WHAT IS BEING ASKED —
The expected output is exactly the lines below, starting at the line with "rewrite negb_exists =>" and ending at the line with "have [eq2|ne2] := eqVneq a2 b2; last first.", both included; no other line belongs in it.

Stored data —
● ● ● ● ●

Definition votesA (N : nat) (act : 'I_N -> action N) : nat :=
  #|[pred i | final_vote act i == Some true]|.
Definition votesB (N : nat) (act : 'I_N -> action N) : nat :=
  #|[pred i | final_vote act i == Some false]|.

(* Probability that the outcome is A: simple majority of votes cast,
   ties broken uniformly at random. *)
Definition probA (R : realFieldType) (N : nat) (act : 'I_N -> action N) : R :=
  if (votesB act < votesA act)%N then 1
  else if votesA act == votesB act then 2^-1 else 0.

Definition profile (N : nat) := 'I_N -> strat N.

Definition act_of (N : nat) (sigma : profile N) (s : {ffun 'I_N -> bool}) :
  'I_N -> action N := fun i => sigma i (s i).

Definition prior (R : realFieldType) (pi : R) (w : bool) : R :=
  if w then pi else 1 - pi.

Definition sig_prob (R : realFieldType) (N : nat) (q : 'I_N -> R) (w : bool)
  (s : {ffun 'I_N -> bool}) : R :=
  \prod_(i < N) (if s i == w then q i else 1 - q i).

Definition utility (R : realFieldType) (x : pref) (w : bool) (pA : R) : R :=
  match x with
  | PA => pA
  | PB => 1 - pA
  | PI => if w then pA else 1 - pA
  end.

Definition expected (R : realFieldType) (N : nat) (pi : R) (q : 'I_N -> R)
  (u : bool -> R -> R) (sigma : profile N) : R :=
  \sum_(w : bool) \sum_(s : {ffun 'I_N -> bool})
     prior pi w * sig_prob q w s * u w (probA R (act_of sigma s)).

Definition EU (R : realFieldType) (N : nat) (pi : R) (p : 'I_N -> pref)
  (q : 'I_N -> R) (i : 'I_N) (sigma : profile N) : R :=
  expected pi q (utility (p i)) sigma.

Definition prcorrect (R : realFieldType) (N : nat) (pi : R) (q : 'I_N -> R)
  (sigma : profile N) : R :=
  expected pi q (utility PI) sigma.

Definition upd (N : nat) (sigma : profile N) (i : 'I_N) (y : strat N) : profile N :=
  fun j => if j == i then y else sigma j.

(* A restriction of the game: a set of remaining strategies per voter. *)
Definition restr (N : nat) := 'I_N -> strat N -> Prop.

Definition in_restr (N : nat) (S : restr N) (sigma : profile N) : Prop :=
  forall j, S j (sigma j).

Definition wdominated (R : realFieldType) (N : nat) (pi : R) (p : 'I_N -> pref)
  (q : 'I_N -> R) (S : restr N) (i : 'I_N) (x : strat N) : Prop :=
  exists y, S i y /\
    (forall sigma, in_restr S sigma ->
        EU pi p q i (upd sigma i x) <= EU pi p q i (upd sigma i y)) /\
    (exists sigma, in_restr S sigma /\
        EU pi p q i (upd sigma i x) < EU pi p q i (upd sigma i y)).

Definition elim_step (R : realFieldType) (N : nat) (pi : R) (p : 'I_N -> pref)
  (q : 'I_N -> R) (S : restr N) : restr N :=
  fun i x => S i x /\ ~ wdominated pi p q S i x.

Definition valid_restr (N : nat) : restr N := fun i x => valid_strat i x.

Definition surviving (R : realFieldType) (N : nat) (pi : R) (p : 'I_N -> pref)
  (q : 'I_N -> R) : restr N :=
  fun i x => forall k, iter k (elim_step pi p q) (@valid_restr N) i x.

(* Dominance solvability (Moulin): the surviving set is nonempty and every
   player is indifferent among all surviving profiles. *)
Definition dominance_solvable (R : realFieldType) (N : nat) (pi : R)
  (p : 'I_N -> pref) (q : 'I_N -> R) : Prop :=
  (exists sigma, in_restr (surviving pi p q) sigma) /\
  (forall i sigma tau, in_restr (surviving pi p q) sigma ->
      in_restr (surviving pi p q) tau -> EU pi p q i sigma = EU pi p q i tau).

Definition efficient (R : realFieldType) (N : nat) (pi : R) (q : 'I_N -> R)
  (sigma : profile N) : Prop :=
  forall tau, in_restr (@valid_restr N) tau -> prcorrect pi q tau <= prcorrect pi q sigma.

Definition nA (N : nat) (p : 'I_N -> pref) : nat :=
  #|[pred i | if p i is PA then true else false]|.
Definition nB (N : nat) (p : 'I_N -> pref) : nat :=
  #|[pred i | if p i is PB then true else false]|.
Definition nE (R : realFieldType) (N : nat) (p : 'I_N -> pref) (q : 'I_N -> R) : nat :=
  #|[pred i | if p i is PI then q i == 1 else false]|.
Definition nU (R : realFieldType) (N : nat) (p : 'I_N -> pref) (q : 'I_N -> R) : nat :=
  #|[pred i | if p i is PI then q i < 1 else false]|.

From mathcomp Require Import all_boot all_order all_algebra.
From mathcomp Require Import zify.
From Stdlib Require Import FunctionalExtensionality.
Set Implicit Arguments. Unset Strict Implicit. Unset Printing Implicit Defensive.
Import Order.TTheory GRing.Theory Num.Theory.
Local Open Scope ring_scope.

(* Let partisans vote for their side, experts (independents of precision 1) vote
   their signal, and uninformed independents delegate to a fixed expert [e0]; call
   this profile [sol].  Partisans and experts cannot do better than [sol] against
   any profile, and do strictly worse with any other strategy against some
   profile, so the first round of elimination leaves them only [sol]; in
   particular [e0] then votes her signal, which is correct.  Against such
   profiles delegating to [e0] is a best reply for an uninformed voter, so [sol]
   survives every round, and any other surviving strategy of hers is
   payoff-equivalent to it.  Replacing surviving strategies by [sol] one voter at
   a time therefore preserves the probability of a correct outcome, and under
   [sol] every independent votes for the state while each group of partisans is
   a minority: surviving profiles elect the correct alternative with
   probability 1, which makes them efficient and all players indifferent among
   them. *)

Lemma iter_card_fix (N : nat) (f : 'I_N -> 'I_N) t k z :
  iter t f k = z -> f z = z -> iter N f k = z.
Proof.
move=> Hkz fz; have kz : fconnect f k z by rewrite -Hkz fconnect_iter.
have le_idx_N : (findex f k z <= N)%N.
  apply/ltnW/(leq_trans (findex_max kz)).
  by rewrite -[leqRHS]card_ord max_card.
have -> : iter N f k = iter (N - findex f k z) f (iter (findex f k z) f k).
  by rewrite -iterD subnK.
by rewrite (iter_findex kz) iter_fix.
Qed.

Section FinalVote.
Variables (N : nat) (act : 'I_N -> action N).

Lemma final_vote_inl j v : act j = inl v -> final_vote act j = v.
Proof.
move=> Hj; rewrite /final_vote (@iter_card_fix _ _ 0 j j) ?Hj //.
by rewrite /dnext Hj.
Qed.

Lemma final_vote_inr j m v : act j = inr m -> act m = inl v -> final_vote act j = v.
Proof.
move=> Hj Hm; rewrite /final_vote (@iter_card_fix _ _ 1 j m) ?Hm //.
  by rewrite /= /dnext Hj.
by rewrite /dnext Hm.
Qed.

End FinalVote.

(* A change of [i]'s action after which [i]'s delegation chain ends at a voter
   casting [v] can only turn final votes into [v]: a chain either avoids [i],
   and is unchanged, or passes through [i], and then ends where [i]'s does. *)
Lemma final_vote_update N (act1 act2 : 'I_N -> action N) i z v t :
  (forall j, j != i -> act2 j = act1 j) ->
  iter t (dnext act2) i = z -> act2 z = inl v ->
  forall k, final_vote act2 k = final_vote act1 k \/ final_vote act2 k = v.
Proof.
move=> Hoff Hiz Hz k.
have fz : dnext act2 z = z by rewrite /dnext Hz.
case: (boolP [exists t' : 'I_N.+1, iter t' (dnext act2) k == i]).
  case/existsP=> t' /eqP Hki; right.
  by rewrite /final_vote (@iter_card_fix _ _ (t + t') k z) ?Hz // iterD Hki.
rewrite negb_exists => /forallP avoid_i; left.
have Hne n : (n <= N)%N -> iter n (dnext act2) k != i.
  by move=> leN; exact: (avoid_i (Ordinal (leN : (n < N.+1)%N))).
have Heq n : (n <= N)%N -> iter n (dnext act2) k = iter n (dnext act1) k.
  elim: n => [//|n IH] leN; rewrite !iterS -IH ?(ltnW leN) //.
  by rewrite /dnext Hoff // Hne // ltnW.
by rewrite /final_vote Heq // Hoff // -Heq // Hne.
Qed.

Definition votes N (act : 'I_N -> action N) (c : bool) : nat :=
  #|[pred k | final_vote act k == Some c]|.

Definition maj_prob (R : realFieldType) (a b : nat) : R :=
  if (b < a)%N then 1 else if a == b then 2^-1 else 0.

Definition pr_win (R : realFieldType) N (act : 'I_N -> action N) (c : bool) : R :=
  maj_prob R (votes act c) (votes act (~~ c)).

Definition favoured (x : pref) (w : bool) : bool :=
  match x with PA => true | PB => false | PI => w end.

Section MajorityProbability.
Variable R : realFieldType.
Implicit Types a b : nat.

Lemma half_gt0 : (0 : R) < 2^-1.
Proof. by rewrite invr_gt0 ltr0n. Qed.

Lemma half_lt1 : (2^-1 : R) < 1.
Proof. by rewrite invf_lt1 // ltr1n. Qed.

Lemma maj_probC a b : 1 - maj_prob R a b = maj_prob R b a.
Proof.
rewrite /maj_prob eq_sym; case: ltngtP => _ /=; rewrite ?subrr ?subr0 //.
by rewrite {1}(splitr 1) mul1r addrK.
Qed.

Lemma maj_prob_ge0 a b : 0 <= maj_prob R a b.
Proof.
rewrite /maj_prob; case: ifP => _; last case: ifP => _;
  by rewrite ?ler01 ?lexx ?ltW ?half_gt0.
Qed.

Lemma maj_prob_le1 a b : maj_prob R a b <= 1.
Proof. by rewrite -subr_ge0 maj_probC maj_prob_ge0. Qed.

Lemma maj_prob_win a b : (b < a)%N -> maj_prob R a b = 1.
Proof. by rewrite /maj_prob => ->. Qed.

Lemma maj_prob_le_half a b : (a <= b)%N -> maj_prob R a b <= 2^-1.
Proof.
rewrite /maj_prob leqNgt => /negbTE ->.
by case: ifP; rewrite ?lexx ?ltW ?half_gt0.
Qed.

Lemma maj_prob_mono a1 a2 b1 b2 :
  (a1 <= a2)%N -> (b2 <= b1)%N -> maj_prob R a1 b1 <= maj_prob R a2 b2.
Proof.
move=> le_a le_b; rewrite {2}/maj_prob.
case: ltnP => [_|le_a2]; first exact: maj_prob_le1.
have [eq2|ne2] := eqVneq a2 b2; last first.
  by rewrite /maj_prob ifF ?ifF //; apply/negbTE; [apply/eqP | rewrite -leqNgt]; lia.
by apply: maj_prob_le_half; lia.
Qed.

End MajorityProbability.

Section WinProbability.
Variables (R : realFieldType) (N : nat).
Implicit Types act : 'I_N -> action N.

Lemma utility_pr_win x w act :
  utility x w (probA R act) = pr_win R act (favoured x w).
Proof.
have probA_true : probA R act = pr_win R act true by [].
by case: x => //=; case: w => //=; rewrite probA_true maj_probC.
Qed.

● ● ● ● ●

EXERCISE RESPONSE —
rewrite negb_exists => /forallP avoid_i; left.
have Hne n : (n <= N)%N -> iter n (dnext act2) k != i.
  by move=> leN; exact: (avoid_i (Ordinal (leN : (n < N.+1)%N))).
have Heq n : (n <= N)%N -> iter n (dnext act2) k = iter n (dnext act1) k.
  elim: n => [//|n IH] leN; rewrite !iterS -IH ?(ltnW leN) //.
  by rewrite /dnext Hoff // Hne // ltnW.
by rewrite /final_vote Heq // Hoff // -Heq // Hne.
Qed.

Definition votes N (act : 'I_N -> action N) (c : bool) : nat :=
  #|[pred k | final_vote act k == Some c]|.

Definition maj_prob (R : realFieldType) (a b : nat) : R :=
  if (b < a)%N then 1 else if a == b then 2^-1 else 0.

Definition pr_win (R : realFieldType) N (act : 'I_N -> action N) (c : bool) : R :=
  maj_prob R (votes act c) (votes act (~~ c)).

Definition favoured (x : pref) (w : bool) : bool :=
  match x with PA => true | PB => false | PI => w end.

Section MajorityProbability.
Variable R : realFieldType.
Implicit Types a b : nat.

Lemma half_gt0 : (0 : R) < 2^-1.
Proof. by rewrite invr_gt0 ltr0n. Qed.

Lemma half_lt1 : (2^-1 : R) < 1.
Proof. by rewrite invf_lt1 // ltr1n. Qed.

Lemma maj_probC a b : 1 - maj_prob R a b = maj_prob R b a.
Proof.
rewrite /maj_prob eq_sym; case: ltngtP => _ /=; rewrite ?subrr ?subr0 //.
by rewrite {1}(splitr 1) mul1r addrK.
Qed.

Lemma maj_prob_ge0 a b : 0 <= maj_prob R a b.
Proof.
rewrite /maj_prob; case: ifP => _; last case: ifP => _;
  by rewrite ?ler01 ?lexx ?ltW ?half_gt0.
Qed.

Lemma maj_prob_le1 a b : maj_prob R a b <= 1.
Proof. by rewrite -subr_ge0 maj_probC maj_prob_ge0. Qed.

Lemma maj_prob_win a b : (b < a)%N -> maj_prob R a b = 1.
Proof. by rewrite /maj_prob => ->. Qed.

Lemma maj_prob_le_half a b : (a <= b)%N -> maj_prob R a b <= 2^-1.
Proof.
rewrite /maj_prob leqNgt => /negbTE ->.
by case: ifP; rewrite ?lexx ?ltW ?half_gt0.
Qed.

Lemma maj_prob_mono a1 a2 b1 b2 :
  (a1 <= a2)%N -> (b2 <= b1)%N -> maj_prob R a1 b1 <= maj_prob R a2 b2.
Proof.
move=> le_a le_b; rewrite {2}/maj_prob.
case: ltnP => [_|le_a2]; first exact: maj_prob_le1.
have [eq2|ne2] := eqVneq a2 b2; last first.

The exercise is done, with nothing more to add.